> **Problem requirements**
Below are records; reproduce exactly the lines from the one that has "rewrite big_distrr /=;" through the one that has "by rewrite -sumR_telescope;", ends included, and nothing more.

> **Input records**

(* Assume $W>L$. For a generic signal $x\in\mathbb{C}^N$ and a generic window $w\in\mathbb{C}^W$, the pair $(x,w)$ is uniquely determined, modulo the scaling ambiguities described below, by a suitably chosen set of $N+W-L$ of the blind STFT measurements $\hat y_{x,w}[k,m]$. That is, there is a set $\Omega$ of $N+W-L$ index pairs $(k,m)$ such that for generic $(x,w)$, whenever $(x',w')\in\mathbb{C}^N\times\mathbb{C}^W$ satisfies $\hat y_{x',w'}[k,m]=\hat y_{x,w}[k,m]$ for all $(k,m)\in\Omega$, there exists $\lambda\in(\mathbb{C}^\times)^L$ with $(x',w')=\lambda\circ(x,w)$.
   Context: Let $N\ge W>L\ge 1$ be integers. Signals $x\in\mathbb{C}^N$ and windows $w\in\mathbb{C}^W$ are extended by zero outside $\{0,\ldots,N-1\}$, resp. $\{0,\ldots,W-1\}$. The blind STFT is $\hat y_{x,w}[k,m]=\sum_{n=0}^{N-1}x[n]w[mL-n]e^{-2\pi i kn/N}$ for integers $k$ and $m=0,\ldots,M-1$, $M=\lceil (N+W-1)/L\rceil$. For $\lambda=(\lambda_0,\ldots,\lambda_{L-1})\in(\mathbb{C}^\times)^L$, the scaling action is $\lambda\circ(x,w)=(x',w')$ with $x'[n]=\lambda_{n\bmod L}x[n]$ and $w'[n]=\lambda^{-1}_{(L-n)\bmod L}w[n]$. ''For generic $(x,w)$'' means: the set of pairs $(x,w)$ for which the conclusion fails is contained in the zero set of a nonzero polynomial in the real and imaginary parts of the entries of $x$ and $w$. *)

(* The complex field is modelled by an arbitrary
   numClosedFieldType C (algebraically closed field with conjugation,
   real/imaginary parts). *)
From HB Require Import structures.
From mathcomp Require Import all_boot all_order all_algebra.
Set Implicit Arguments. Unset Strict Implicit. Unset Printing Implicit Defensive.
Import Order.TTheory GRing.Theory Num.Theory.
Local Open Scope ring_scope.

--

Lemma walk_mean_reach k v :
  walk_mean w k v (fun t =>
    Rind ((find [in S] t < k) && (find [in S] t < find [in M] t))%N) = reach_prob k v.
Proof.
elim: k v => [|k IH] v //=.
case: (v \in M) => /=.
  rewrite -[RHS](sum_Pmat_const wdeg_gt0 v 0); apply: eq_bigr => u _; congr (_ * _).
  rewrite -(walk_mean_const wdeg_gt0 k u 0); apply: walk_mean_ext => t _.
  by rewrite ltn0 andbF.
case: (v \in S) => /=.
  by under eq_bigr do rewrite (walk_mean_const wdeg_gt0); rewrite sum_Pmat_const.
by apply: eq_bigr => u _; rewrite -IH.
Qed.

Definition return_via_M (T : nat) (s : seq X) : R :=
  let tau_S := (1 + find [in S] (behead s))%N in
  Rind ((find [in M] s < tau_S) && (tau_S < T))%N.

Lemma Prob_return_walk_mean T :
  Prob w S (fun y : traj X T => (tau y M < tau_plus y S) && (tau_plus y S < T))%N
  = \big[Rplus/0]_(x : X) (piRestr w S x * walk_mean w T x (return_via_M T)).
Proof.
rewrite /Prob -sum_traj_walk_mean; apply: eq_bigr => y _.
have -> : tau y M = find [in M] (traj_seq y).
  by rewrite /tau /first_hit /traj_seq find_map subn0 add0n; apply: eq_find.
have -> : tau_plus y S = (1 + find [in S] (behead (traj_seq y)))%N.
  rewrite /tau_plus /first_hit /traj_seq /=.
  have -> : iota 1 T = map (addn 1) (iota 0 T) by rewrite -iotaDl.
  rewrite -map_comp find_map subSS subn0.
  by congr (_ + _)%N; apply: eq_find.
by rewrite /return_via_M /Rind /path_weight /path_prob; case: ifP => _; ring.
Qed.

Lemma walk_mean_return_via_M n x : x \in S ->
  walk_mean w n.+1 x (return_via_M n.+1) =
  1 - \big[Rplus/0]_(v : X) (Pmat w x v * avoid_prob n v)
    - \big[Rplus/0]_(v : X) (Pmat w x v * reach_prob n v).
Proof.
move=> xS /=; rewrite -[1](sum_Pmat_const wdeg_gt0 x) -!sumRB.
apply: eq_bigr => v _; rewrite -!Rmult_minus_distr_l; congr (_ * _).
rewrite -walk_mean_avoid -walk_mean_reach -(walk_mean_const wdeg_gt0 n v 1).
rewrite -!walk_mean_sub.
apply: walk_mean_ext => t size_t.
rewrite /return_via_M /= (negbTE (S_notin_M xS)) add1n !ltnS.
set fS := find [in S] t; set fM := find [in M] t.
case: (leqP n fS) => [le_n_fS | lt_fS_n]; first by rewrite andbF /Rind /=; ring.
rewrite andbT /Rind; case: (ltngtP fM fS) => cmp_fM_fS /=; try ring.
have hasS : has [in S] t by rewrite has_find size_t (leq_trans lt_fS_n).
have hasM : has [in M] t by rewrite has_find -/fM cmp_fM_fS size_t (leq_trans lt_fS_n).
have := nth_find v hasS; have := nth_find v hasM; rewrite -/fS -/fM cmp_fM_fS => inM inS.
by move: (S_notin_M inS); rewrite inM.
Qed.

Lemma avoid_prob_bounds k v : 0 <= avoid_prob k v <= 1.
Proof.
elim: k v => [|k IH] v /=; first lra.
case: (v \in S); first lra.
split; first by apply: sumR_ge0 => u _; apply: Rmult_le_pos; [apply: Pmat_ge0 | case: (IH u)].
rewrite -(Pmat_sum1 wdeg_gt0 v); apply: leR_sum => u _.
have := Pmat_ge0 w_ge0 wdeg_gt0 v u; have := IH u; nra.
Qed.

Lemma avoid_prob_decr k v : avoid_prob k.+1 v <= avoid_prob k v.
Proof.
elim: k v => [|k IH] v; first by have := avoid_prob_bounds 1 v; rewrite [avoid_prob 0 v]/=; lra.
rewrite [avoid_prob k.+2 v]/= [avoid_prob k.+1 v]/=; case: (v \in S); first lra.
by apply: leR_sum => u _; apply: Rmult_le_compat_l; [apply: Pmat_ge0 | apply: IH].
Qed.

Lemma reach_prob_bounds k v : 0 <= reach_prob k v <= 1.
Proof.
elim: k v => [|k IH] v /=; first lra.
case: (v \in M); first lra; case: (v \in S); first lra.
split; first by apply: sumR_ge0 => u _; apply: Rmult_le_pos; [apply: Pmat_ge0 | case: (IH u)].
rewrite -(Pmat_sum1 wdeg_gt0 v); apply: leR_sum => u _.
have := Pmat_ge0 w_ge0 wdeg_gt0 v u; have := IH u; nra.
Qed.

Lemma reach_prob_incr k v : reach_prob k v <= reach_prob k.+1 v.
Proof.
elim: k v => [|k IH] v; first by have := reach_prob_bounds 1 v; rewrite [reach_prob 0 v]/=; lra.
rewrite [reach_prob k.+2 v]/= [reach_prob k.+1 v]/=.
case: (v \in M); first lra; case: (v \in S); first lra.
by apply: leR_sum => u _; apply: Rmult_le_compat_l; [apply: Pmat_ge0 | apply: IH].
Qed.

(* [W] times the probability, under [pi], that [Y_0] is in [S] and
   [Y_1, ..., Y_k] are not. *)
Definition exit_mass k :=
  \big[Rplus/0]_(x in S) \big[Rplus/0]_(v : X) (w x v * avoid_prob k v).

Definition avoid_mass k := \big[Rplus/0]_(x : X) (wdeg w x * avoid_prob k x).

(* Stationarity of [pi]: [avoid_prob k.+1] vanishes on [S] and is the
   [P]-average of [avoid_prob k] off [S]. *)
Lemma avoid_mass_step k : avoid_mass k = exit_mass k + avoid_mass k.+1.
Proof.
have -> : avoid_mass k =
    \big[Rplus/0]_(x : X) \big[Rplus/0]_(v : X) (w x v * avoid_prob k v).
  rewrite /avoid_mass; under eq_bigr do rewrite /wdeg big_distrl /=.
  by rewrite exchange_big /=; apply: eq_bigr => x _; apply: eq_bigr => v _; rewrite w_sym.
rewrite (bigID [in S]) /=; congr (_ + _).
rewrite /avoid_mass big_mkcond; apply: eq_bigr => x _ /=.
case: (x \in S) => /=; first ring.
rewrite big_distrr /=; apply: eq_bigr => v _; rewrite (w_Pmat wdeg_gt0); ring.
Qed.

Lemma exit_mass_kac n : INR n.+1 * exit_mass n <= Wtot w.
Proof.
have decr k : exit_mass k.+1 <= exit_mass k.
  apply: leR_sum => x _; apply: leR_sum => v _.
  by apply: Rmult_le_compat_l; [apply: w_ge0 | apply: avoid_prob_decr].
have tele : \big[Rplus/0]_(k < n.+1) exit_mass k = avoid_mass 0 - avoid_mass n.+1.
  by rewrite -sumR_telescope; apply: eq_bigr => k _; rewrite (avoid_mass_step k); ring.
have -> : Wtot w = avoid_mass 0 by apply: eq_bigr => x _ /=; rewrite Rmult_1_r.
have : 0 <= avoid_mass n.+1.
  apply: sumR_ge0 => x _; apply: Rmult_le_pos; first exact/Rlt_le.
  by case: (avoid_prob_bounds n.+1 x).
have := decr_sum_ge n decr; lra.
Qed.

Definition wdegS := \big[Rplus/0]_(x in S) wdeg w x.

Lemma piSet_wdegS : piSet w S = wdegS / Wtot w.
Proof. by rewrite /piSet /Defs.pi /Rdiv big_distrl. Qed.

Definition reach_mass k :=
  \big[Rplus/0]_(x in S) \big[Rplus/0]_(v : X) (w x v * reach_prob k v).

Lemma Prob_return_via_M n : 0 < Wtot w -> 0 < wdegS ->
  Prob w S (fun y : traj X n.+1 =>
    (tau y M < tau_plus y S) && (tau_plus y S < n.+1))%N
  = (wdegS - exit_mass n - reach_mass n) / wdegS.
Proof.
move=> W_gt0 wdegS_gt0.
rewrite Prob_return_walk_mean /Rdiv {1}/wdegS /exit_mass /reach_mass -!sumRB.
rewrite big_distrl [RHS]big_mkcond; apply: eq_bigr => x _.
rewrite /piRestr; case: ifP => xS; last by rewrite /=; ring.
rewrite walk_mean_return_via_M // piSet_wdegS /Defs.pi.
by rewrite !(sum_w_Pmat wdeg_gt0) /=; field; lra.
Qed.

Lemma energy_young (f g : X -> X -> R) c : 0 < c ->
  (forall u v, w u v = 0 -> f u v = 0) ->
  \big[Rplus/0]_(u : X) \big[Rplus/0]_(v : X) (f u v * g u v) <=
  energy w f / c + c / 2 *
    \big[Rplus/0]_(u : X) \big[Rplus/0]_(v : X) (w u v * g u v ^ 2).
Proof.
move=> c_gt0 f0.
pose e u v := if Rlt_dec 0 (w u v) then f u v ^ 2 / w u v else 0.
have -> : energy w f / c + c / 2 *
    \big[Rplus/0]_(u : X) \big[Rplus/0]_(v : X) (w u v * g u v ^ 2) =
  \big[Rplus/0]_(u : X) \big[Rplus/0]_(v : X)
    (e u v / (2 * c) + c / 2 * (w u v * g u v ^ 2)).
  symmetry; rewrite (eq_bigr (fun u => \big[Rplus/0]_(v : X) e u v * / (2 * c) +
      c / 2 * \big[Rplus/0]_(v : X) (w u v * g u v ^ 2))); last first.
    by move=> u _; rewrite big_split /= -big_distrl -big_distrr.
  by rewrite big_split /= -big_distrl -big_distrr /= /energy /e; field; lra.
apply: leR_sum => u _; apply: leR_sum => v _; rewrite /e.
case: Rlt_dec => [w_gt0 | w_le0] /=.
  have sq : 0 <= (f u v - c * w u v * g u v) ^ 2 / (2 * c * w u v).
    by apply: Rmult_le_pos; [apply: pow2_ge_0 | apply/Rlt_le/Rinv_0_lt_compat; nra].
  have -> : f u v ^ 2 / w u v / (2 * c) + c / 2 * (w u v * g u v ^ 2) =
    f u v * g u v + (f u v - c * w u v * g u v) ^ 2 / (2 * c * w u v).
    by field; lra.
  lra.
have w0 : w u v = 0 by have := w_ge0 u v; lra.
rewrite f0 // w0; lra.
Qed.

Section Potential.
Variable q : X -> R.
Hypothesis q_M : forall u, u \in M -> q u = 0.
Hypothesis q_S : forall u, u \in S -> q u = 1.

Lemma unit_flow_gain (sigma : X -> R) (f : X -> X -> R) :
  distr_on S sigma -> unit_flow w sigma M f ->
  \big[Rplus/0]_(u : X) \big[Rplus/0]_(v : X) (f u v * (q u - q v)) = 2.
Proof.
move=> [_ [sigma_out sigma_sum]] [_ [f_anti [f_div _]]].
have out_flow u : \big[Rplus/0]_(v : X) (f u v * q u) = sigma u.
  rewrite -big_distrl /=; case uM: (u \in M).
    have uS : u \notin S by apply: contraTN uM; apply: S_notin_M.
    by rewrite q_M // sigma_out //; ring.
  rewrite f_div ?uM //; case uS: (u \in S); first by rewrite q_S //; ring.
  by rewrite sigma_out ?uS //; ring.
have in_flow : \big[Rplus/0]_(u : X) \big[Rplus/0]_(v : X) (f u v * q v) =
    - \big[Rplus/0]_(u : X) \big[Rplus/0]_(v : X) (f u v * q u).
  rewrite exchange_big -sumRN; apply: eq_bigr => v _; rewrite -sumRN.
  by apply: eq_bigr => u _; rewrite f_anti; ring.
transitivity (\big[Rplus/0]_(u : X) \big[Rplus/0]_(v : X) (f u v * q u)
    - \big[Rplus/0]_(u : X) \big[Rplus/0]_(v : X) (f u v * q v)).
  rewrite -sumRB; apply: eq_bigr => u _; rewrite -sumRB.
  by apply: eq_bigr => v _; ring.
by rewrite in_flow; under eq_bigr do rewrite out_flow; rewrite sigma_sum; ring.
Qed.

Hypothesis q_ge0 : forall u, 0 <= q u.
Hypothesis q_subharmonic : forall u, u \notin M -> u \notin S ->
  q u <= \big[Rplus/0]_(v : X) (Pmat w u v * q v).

> **Worked solution**
rewrite big_distrr /=; apply: eq_bigr => v _; rewrite (w_Pmat wdeg_gt0); ring.
Qed.

Lemma exit_mass_kac n : INR n.+1 * exit_mass n <= Wtot w.
Proof.
have decr k : exit_mass k.+1 <= exit_mass k.
  apply: leR_sum => x _; apply: leR_sum => v _.
  by apply: Rmult_le_compat_l; [apply: w_ge0 | apply: avoid_prob_decr].
have tele : \big[Rplus/0]_(k < n.+1) exit_mass k = avoid_mass 0 - avoid_mass n.+1.
  by rewrite -sumR_telescope; apply: eq_bigr => k _; rewrite (avoid_mass_step k); ring.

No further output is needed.